(Stored items)
(* For every $g:E^2\times E^2\to\mathbb R$, $$\log\varphi_1(g)\ge2\log\varphi_0(g).$$
   Context: Let $E$ be a finite set and $P,Q$ irreducible aperiodic stochastic $E\times E$ matrices. For $g:E^2\times E^2\to\mathbb R$, $\varphi_0(g)$ is the spectral radius of the $E^2\times E^2$ matrix $\Phi_0(g)_{(x,y),(x',y')}=\exp(g(x,y,x',y'))P_{x,x'}Q_{y,y'}$ and $\varphi_1(g)$ the spectral radius of the $E^3\times E^3$ matrix $\Phi_1(g)_{(x,y,z),(x',y',z')}=\exp(g(x,y,x',y')+g(x,z,x',z'))P_{x,x'}Q_{y,y'}Q_{z,z'}$. *)

From mathcomp Require Import all_boot all_algebra.
From mathcomp Require Import classical_sets reals sequences exp.
From mathcomp.real_closed Require Import complex.

Set Implicit Arguments.
Unset Strict Implicit.
Unset Printing Implicit Defensive.

Import GRing.Theory Num.Theory.
Local Open Scope ring_scope.
Local Open Scope classical_set_scope.

Section Defs.
Variable R : realType.

Fixpoint fpow (T : finType) (A : T -> T -> R) (k : nat) : T -> T -> R :=
  match k with
  | 0 => fun x y => (x == y)%:R
  | k'.+1 => fun x y => \sum_(z : T) fpow A k' x z * A z y
  end.

Definition stochastic (T : finType) (A : T -> T -> R) : Prop :=
  (forall x y, 0 <= A x y) /\ (forall x, \sum_(y : T) A x y = 1).

Definition irreducible (T : finType) (A : T -> T -> R) : Prop :=
  forall x y, exists k : nat, 0 < fpow A k x y.

(* aperiodic: every state has period 1, i.e. the gcd of the return times
   {k >= 1 : A^k x x > 0} is 1 (1 is its only common divisor) *)
Definition aperiodic (T : finType) (A : T -> T -> R) : Prop :=
  forall x (d : nat),
    (forall k : nat, (0 < k)%N -> 0 < fpow A k x x -> (d %| k)%N) -> d = 1%N.

Definition fmx (T : finType) (A : T -> T -> R) : 'M[R]_#|T| :=
  \matrix_(i, j) A (enum_val i) (enum_val j).

Definition spectral_radius (T : finType) (A : T -> T -> R) : R :=
  sup ((fun z : R[i] => Normc.normc z) @`
         [set z : R[i] | eigenvalue (map_mx (real_complex R) (fmx A)) z]).

Variable E : finType.
Variables P Q : E -> E -> R.

Definition Phi0 (g : E -> E -> E -> E -> R) : (E * E)%type -> (E * E)%type -> R :=
  fun a b => let: (x, y) := a in let: (x', y') := b in
    expR (g x y x' y') * P x x' * Q y y'.

Definition Phi1 (g : E -> E -> E -> E -> R) :
    (E * E * E)%type -> (E * E * E)%type -> R :=
  fun a b => let: (x, y, z) := a in let: (x', y', z') := b in
    expR (g x y x' y' + g x z x' z') * P x x' * Q y y' * Q z z'.

Definition varphi0 g := spectral_radius (Phi0 g).
Definition varphi1 g := spectral_radius (Phi1 g).

End Defs.

From mathcomp Require Import all_boot all_order all_algebra.
From mathcomp Require Import classical_sets reals sequences exp.
From mathcomp.real_closed Require Import complex.
From mathcomp Require Import ring lra.
Import Order.TTheory GRing.Theory Num.Theory.
Local Open Scope complex_scope.
Local Open Scope ring_scope.
Local Open Scope classical_set_scope.

Set Implicit Arguments.
Unset Strict Implicit.
Unset Printing Implicit Defensive.

(* For a nonnegative matrix A the spectral radius is the exponential growth
   rate of the total mass s_A(k) of A^k: every eigenvalue z satisfies
   |z|^k <= s_A(k), and a Schur triangularisation of A shows s_A(k) = O(r^k)
   for every r above the largest eigenvalue modulus.  It therefore suffices to
   compare masses, s_0(k)^2 <= |E| s_1(k).  Given the path of the x-coordinate,
   the y- and z-coordinates of Phi_1 evolve as two independent copies of the
   y-coordinate of Phi_0, so the row sums of Phi_1^k are second moments where
   those of Phi_0^k are first moments, and Jensen's inequality compares them. *)

Lemma sumr_ge_term (R : numDomainType) (I : finType) (F : I -> R) i :
  (forall j, 0 <= F j) -> F i <= \sum_j F j.
Proof. by move=> F_ge0; rewrite (bigD1 i) //= lerDl sumr_ge0. Qed.

Lemma sum_enum_val (V : nmodType) (T : finType) (F : T -> V) :
  \sum_(i < #|T|) F (enum_val i) = \sum_a F a.
Proof. by rewrite -big_enum_val. Qed.

Lemma map_mxX (aR rR : pzRingType) (f : {rmorphism aR -> rR}) n
    (A : 'M[aR]_n) k :
  map_mx f (A ^+ k) = map_mx f A ^+ k.
Proof.
elim: k => [|k IHk]; first by rewrite !expr0 map_mx1.
by rewrite !exprS -!mulmxE map_mxM IHk.
Qed.

Lemma conjmxX (F : fieldType) n (V A : 'M[F]_n) k : V \in unitmx ->
  conjmx V A ^+ k = conjmx V (A ^+ k).
Proof.
move=> V_unit; rewrite !conjumx //; elim: k => [|k IHk].
  by rewrite !expr0 mulmx1 mulmxV.
rewrite exprS IHk -!mulmxE !mulmxA mulmxKV // exprS -mulmxE.
by rewrite !mulmxA.
Qed.

Lemma bernoulli_ineq (R : realDomainType) (q : R) k :
  1 <= q -> 1 + k%:R * (q - 1) <= q ^+ k.
Proof.
move=> q_ge1; elim: k => [|k IHk]; first by rewrite mul0r addr0 expr0.
have q_ge0 : 0 <= q - 1 by rewrite subr_ge0.
have k_ge0 : 0 <= k%:R :> R by rewrite ler0n.
have : q * (1 + k%:R * (q - 1)) <= q ^+ k.+1.
  by rewrite exprS; apply: ler_wpM2l => //; apply: le_trans q_ge1.
apply: le_trans; rewrite -natr1.
have : 0 <= k%:R * ((q - 1) * (q - 1)) by rewrite !mulr_ge0.
nra.
Qed.

Lemma geometric_not_dominated (R : archiRealFieldType) (c r K : R) :
  0 < r -> r < c -> ~ (forall k, c ^+ k <= K * r ^+ k).
Proof.
move=> r_gt0 lt_rc dom.
pose q := c / r.
have q_gt1 : 1 < q by rewrite ltr_pdivlMr // mul1r.
have q_bounded k : q ^+ k <= `|K|.
  rewrite expr_div_n ler_pdivrMr ?exprn_gt0 //; apply: le_trans (dom k) _.
  by apply: ler_wpM2r; [rewrite exprn_ge0 // ltW | exact: ler_norm].
have q1_gt0 : 0 < q - 1 by rewrite subr_gt0.
have bound_ge0 : 0 <= `|K| / (q - 1) by rewrite divr_ge0 // ltW.
have := archi_boundP bound_ge0; set k := Num.Def.archi_bound _ => lt_k.
have := @bernoulli_ineq _ q k (ltW q_gt1); have := q_bounded k.
rewrite ltr_pdivrMr // in lt_k; move: lt_k; set t := k%:R * (q - 1); lra.
Qed.

Section SumInequalities.
Variable R : realFieldType.
(* The xor correlation is antinomic: at a3 = 0 it makes party 1 record a2
   and party 2 record a1, which no process function allows. *)
Lemma antinomic_xor (R : realType) : antinomic (det_corr R f_xor).
Proof.
move=> /det_consistent_support
  [I1 [I2 [I3 [O1 [O2 [O3 [w [g1 [g2 [g3 [w_process reproduces]]]]]]]]]]].
apply: (no_mutual_reading w_process (h3 := fun i3 => (g3 false i3).2)) => a1 a2 i /eqP fp_i.
by case: (reproduces ((a1, a2), false) i fp_i); rewrite /= addbF => <- <-.
Qed.

Lemma f_xor_local (a a' : triple bool bool bool) (l : 'I_3) :
  (forall j, j != l -> Defs.comp a j = Defs.comp a' j) ->
  Defs.comp (f_xor a) l = Defs.comp (f_xor a') l.
Proof.
move=> agree.
have {agree} agree_at m (Hm : (m < 3)%N) :
    Ordinal Hm != l -> Defs.comp a (Ordinal Hm) = Defs.comp a' (Ordinal Hm).
  exact: agree.
case: l agree_at => [[|[|[|l]]] Hl] // agree_at.
- by move: (agree_at 1%N isT isT) (agree_at 2%N isT isT); rewrite /Defs.comp /= => -> ->.
- by move: (agree_at 0%N isT isT) (agree_at 2%N isT isT); rewrite /Defs.comp /= => -> ->.
- by move: (agree_at 0%N isT isT) (agree_at 1%N isT isT); rewrite /Defs.comp /= => -> ->.
Qed.

Definition basis_input (k : 'I_3) : triple bool bool bool :=
  ((val k == 0%N, val k == 1%N), val k == 2%N).

Lemma comp_basis_input (k j : 'I_3) : Defs.comp (basis_input k) j = (j == k).
Proof. by case: k j => [[|[|[|k]]] Hk] // [[|[|[|j]]] Hj]. Qed.

Lemma signal_xor (k l : 'I_3) : signal_edge f_xor k l <-> k != l.
Proof.
split.
  move=> [a [a' [agree differ]]]; apply/eqP => Ekl; subst l.
  by move: differ; rewrite (f_xor_local agree) eqxx.
move=> Hkl; exists (basis_input k), ((false, false), false); split.
  by move=> j; rewrite comp_basis_input => /negbTE ->; case: j => [[|[|[|j]]] Hj].
by case: k l Hkl => [[|[|[|k]]] Hk] // [[|[|[|l]]] Hl].
Qed.

Theorem mainTheorem8 (R : realType) :
  (forall (I1 I2 I3 O1 O2 O3 : finType) (w : triple O1 O2 O3 -> triple I1 I2 I3),
     process_function w -> ~ realized_by w (det_corr R f_xor)) /\
  antinomic (det_corr R f_xor) /\
  (forall k l : 'I_3, signal_edge f_xor k l <-> k != l).
Proof.
split; last by split; [exact: antinomic_xor | exact: signal_xor].
move=> I1 I2 I3 O1 O2 O3 w w_process realized.
exact: antinomic_xor (realized_det_consistent w_process realized).
Qed.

(PROBLEM STATEMENT) What is asked for is an exact copy of the lines above from the one containing "0 < r -> r < c -> ~ (forall" through the one containing "move=> /det_consistent_support", and only those.

(EXPECTED ANSWER)
  0 < r -> r < c -> ~ (forall k, c ^+ k <= K * r ^+ k).
Proof.
move=> r_gt0 lt_rc dom.
pose q := c / r.
have q_gt1 : 1 < q by rewrite ltr_pdivlMr // mul1r.
have q_bounded k : q ^+ k <= `|K|.
  rewrite expr_div_n ler_pdivrMr ?exprn_gt0 //; apply: le_trans (dom k) _.
  by apply: ler_wpM2r; [rewrite exprn_ge0 // ltW | exact: ler_norm].
have q1_gt0 : 0 < q - 1 by rewrite subr_gt0.
have bound_ge0 : 0 <= `|K| / (q - 1) by rewrite divr_ge0 // ltW.
have := archi_boundP bound_ge0; set k := Num.Def.archi_bound _ => lt_k.
have := @bernoulli_ineq _ q k (ltW q_gt1); have := q_bounded k.
rewrite ltr_pdivrMr // in lt_k; move: lt_k; set t := k%:R * (q - 1); lra.
Qed.

Section SumInequalities.
Variable R : realFieldType.
(* The xor correlation is antinomic: at a3 = 0 it makes party 1 record a2
   and party 2 record a1, which no process function allows. *)
Lemma antinomic_xor (R : realType) : antinomic (det_corr R f_xor).
Proof.
move=> /det_consistent_support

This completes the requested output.